Let $ G $ be a connected compact Lie group of rank $ r $ . Let $ T $ be an $ m $ dimensional (proper) closed connected subgroup of $ G $. Let $ N(T) $ be the normalizer in $ G $ of $ T $
$$
N(T):=\{g \in G: gTg^{-1}=T \}
$$
Consider the quotient group
$$
N(T)/T
$$
If $ T $ is abelian can we conclude anything interesting about $ N(T)/T $? By "interesting" I mean things like:
(1) Is $ N(T)/T $ always nontrivial? (in other words N(T) contains elements not in $ T $ )
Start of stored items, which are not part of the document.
Lemma fourier_sum_local_eq0 (Gam : {set {set 'I_K}})
    (h : {set 'I_K} -> bvec K -> R) w :
  (forall gam, gam \in Gam ->
     forall u u', {in gam, forall i, u 0 i = u' 0 i} -> h gam u = h gam u') ->
  (forall gam, gam \in Gam -> ~~ (supp w \subset gam)) ->
  fourier (fun u => \sum_(gam in Gam) h gam u) w = 0.
Proof.
move=> local_h w_out; rewrite fourier_sum; apply: big1 => gam gam_Gam.
have /subsetPn[j] := w_out gam gam_Gam; rewrite inE => wj j_gam.
exact: fourier_eq0_outside (local_h gam gam_Gam) wj j_gam.
Qed.

End FixedDimension.

Section Adjoint.
Variables (K m : nat) (S : bvec K -> bvec m) (S_adj : bvec m -> bvec K).
Hypothesis bdot_adj : forall s e, bdot (S_adj s) e = bdot s (S e).

Lemma fourier_adj h s :
  fourier h (S_adj s) = fourier (fun sg => \sum_(e | S e == sg) h e) s.
Proof.
rewrite /fourier (partition_big S predT) //=; apply: eq_bigr => sg _.
by rewrite mulr_suml; apply: eq_bigr => e /eqP <-; rewrite bdot_adj.
Qed.

Lemma sum_chi_adj w w' :
  \sum_s chi (bdot w (S_adj s)) * chi (bdot w' (S_adj s)) =
  if S w == S w' then (2 ^ m)%:R else 0.
Proof.
rewrite -bvec_add_eq0 -sum_chi_bdot; apply: eq_bigr => s _.
by rewrite -chiD !(bdotC _ (S_adj s)) !bdot_adj -bdotDr.
Qed.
(2) Is $ N(T)/T $ always disconnected?
(3) What is the dimension of $ N(T)/T $?
Here are my thoughts so far:
Let $ W $ be the Weyl group of $ G $. My guess is that (roughly) $$ N(T)/T \cong Z(T)/T \rtimes N(T)/Z(T) \cong Z(T)/T \rtimes W $$ where $ Z(T) $ is the centralizer of $ T $ in $ G $. So my guess for the first two questions is that $ N(T)/T $ is always nontrivial and always disconnected.
Also curious about the group $ N(T)/T $ for more general subgroups $ T $ of $ G $.